Like most settlements in Qatar, seawater intrusion contaminated the coastal aquifers, therefore the contemporary village was established inland on the other side of the bay near existing water wells on the Zekreet Peninsula. Many inhabitants from eastern and northern Qatar migrated to the Dukhan region in the 1950s to find work in the oil industry; notable tribes among these migrants were the Al Muhannadi, the Bani Hajer and the Na'im. Population estimates in 1950 put the number of men at 200 and women at 250 in the fledgling village.

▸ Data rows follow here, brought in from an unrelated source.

(* Let $T(n)=(3n+1)/2^{v_2(3n+1)}$ be the Syracuse map and, for odd $n$, $L(n)=v_2(n+1)-1$. The natural density, among the odd positive integers, of those odd $n$ with $T^{L(n)+1}(n)<n$ equals $$P_{1\mathrm{cyc}}=\sum_{\ell\ge 0}2^{-(\ell+1)}\cdot 2^{-\lfloor(\log_2 3-1)(\ell+1)\rfloor}=0.71372549767589\ldots$$
   Context: $v_2$ is the $2$-adic valuation; $T^j$ the $j$-th iterate. *)

From Stdlib Require Import Reals Arith List.
Open Scope R_scope.

(* 2-adic valuation on nat (fuel-based; the fuel n suffices since v2 n <= n).
   Convention v2 0 = 0 (never used at 0 below). *)
Fixpoint v2_aux (fuel n : nat) : nat :=
  match fuel with
  | O => O
  | S f => if Nat.eqb n 0 then O
           else if Nat.even n then S (v2_aux f (Nat.div n 2)) else O
  end.
Definition v2 (n : nat) : nat := v2_aux n n.

Definition syr (n : nat) : nat := Nat.div (3 * n + 1) (2 ^ v2 (3 * n + 1)).

Definition Lfun (n : nat) : nat := v2 (n + 1) - 1.

Definition good (n : nat) : bool := Nat.ltb (Nat.iter (Lfun n + 1) syr n) n.

Definition count_good (N : nat) : nat :=
  length (filter (fun k => good (2 * k + 1)) (seq 0 N)).

Definition dens (N : nat) : R := INR (count_good N) / INR N.

Definition log2_3 : R := ln 3 / ln 2.

Definition P1cyc_term (l : nat) : R :=
  (/ 2) ^ (l + 1) * powerRZ 2 (- Int_part ((log2_3 - 1) * INR (l + 1))).

(* Write an odd [n] as [n + 1 = 2^j m] with [m] odd, so that [L(n) = j - 1].  The first
   [j - 1] Syracuse steps multiply [n + 1] by [3/2], and the [j]-th one gives
   [T^j n = (3^j m - 1) / 2^w] with [w = v2(3^j m - 1)].  Hence [T^j n < n] forces
   [2^(w + j) > 3^j], i.e. [w >= b_j := floor(j log2 3) + 1 - j], and conversely [w >= b_j]
   suffices once [m >= 2^b_j].  The condition [w >= b_j] says [m = 3^(-j) mod 2^b_j], so, up
   to the finitely many [n] with small [m], the [n = 2k + 1] with [L(n) = j - 1] that descend
   are those with [k] in one residue class modulo [2^floor(j log2 3)]; this class has density
   [2^(-floor(j log2 3))], the [(j-1)]-th term of the series.  Truncating at [j <= J] costs at
   most the density [2^(-J)] of the [n] with [L(n) >= J], plus [O(1/N)] boundary effects, so
   the frequencies converge to the sum of the series.  Its numerical value follows from the
   first 33 terms and the tail bound [2^(-floor(j log2 3)) < 2 / 3^j]. *)

From Stdlib Require Import Reals Arith List Lia Lra NArith.
Open Scope nat_scope.

(** * Syracuse iterates *)

Lemma pow2_gt0 e : 0 < 2 ^ e.
Proof. apply Nat.neq_0_lt_0, Nat.pow_nonzero. lia. Qed.

Lemma pow3_gt0 e : 0 < 3 ^ e.
Proof. apply Nat.neq_0_lt_0, Nat.pow_nonzero. lia. Qed.

Lemma v2_aux_pow2_mul_odd f a c : a < f -> v2_aux f (2 ^ a * (2 * c + 1)) = a.
Proof.
  revert a. induction f as [|f IH]; intros a Ha; [lia|].
  cbn [v2_aux].
  replace (Nat.eqb (2 ^ a * (2 * c + 1)) 0) with false
    by (symmetry; apply Nat.eqb_neq; pose proof (pow2_gt0 a); nia).
  destruct a as [|a].
  - rewrite Nat.pow_0_r, Nat.mul_1_l, Nat.add_comm, Nat.even_add_mul_2. reflexivity.
  - replace (2 ^ S a * (2 * c + 1)) with (2 * (2 ^ a * (2 * c + 1)))
      by (rewrite Nat.pow_succ_r'; lia).
    rewrite Nat.even_mul, (Nat.mul_comm 2 (2 ^ a * _)), Nat.div_mul, IH by lia.
    reflexivity.
Qed.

Zekreet opened its first primary school for boys in 1957 with a capacity of 45 students, making it the first settlement in the region to establish a formal school. In 1960, the village's first primary school for girls was founded with roughly 26 seats. Throughout the late 1950s and 1960s, all inhabitants of the western industrial settlements sent their children to these two schools.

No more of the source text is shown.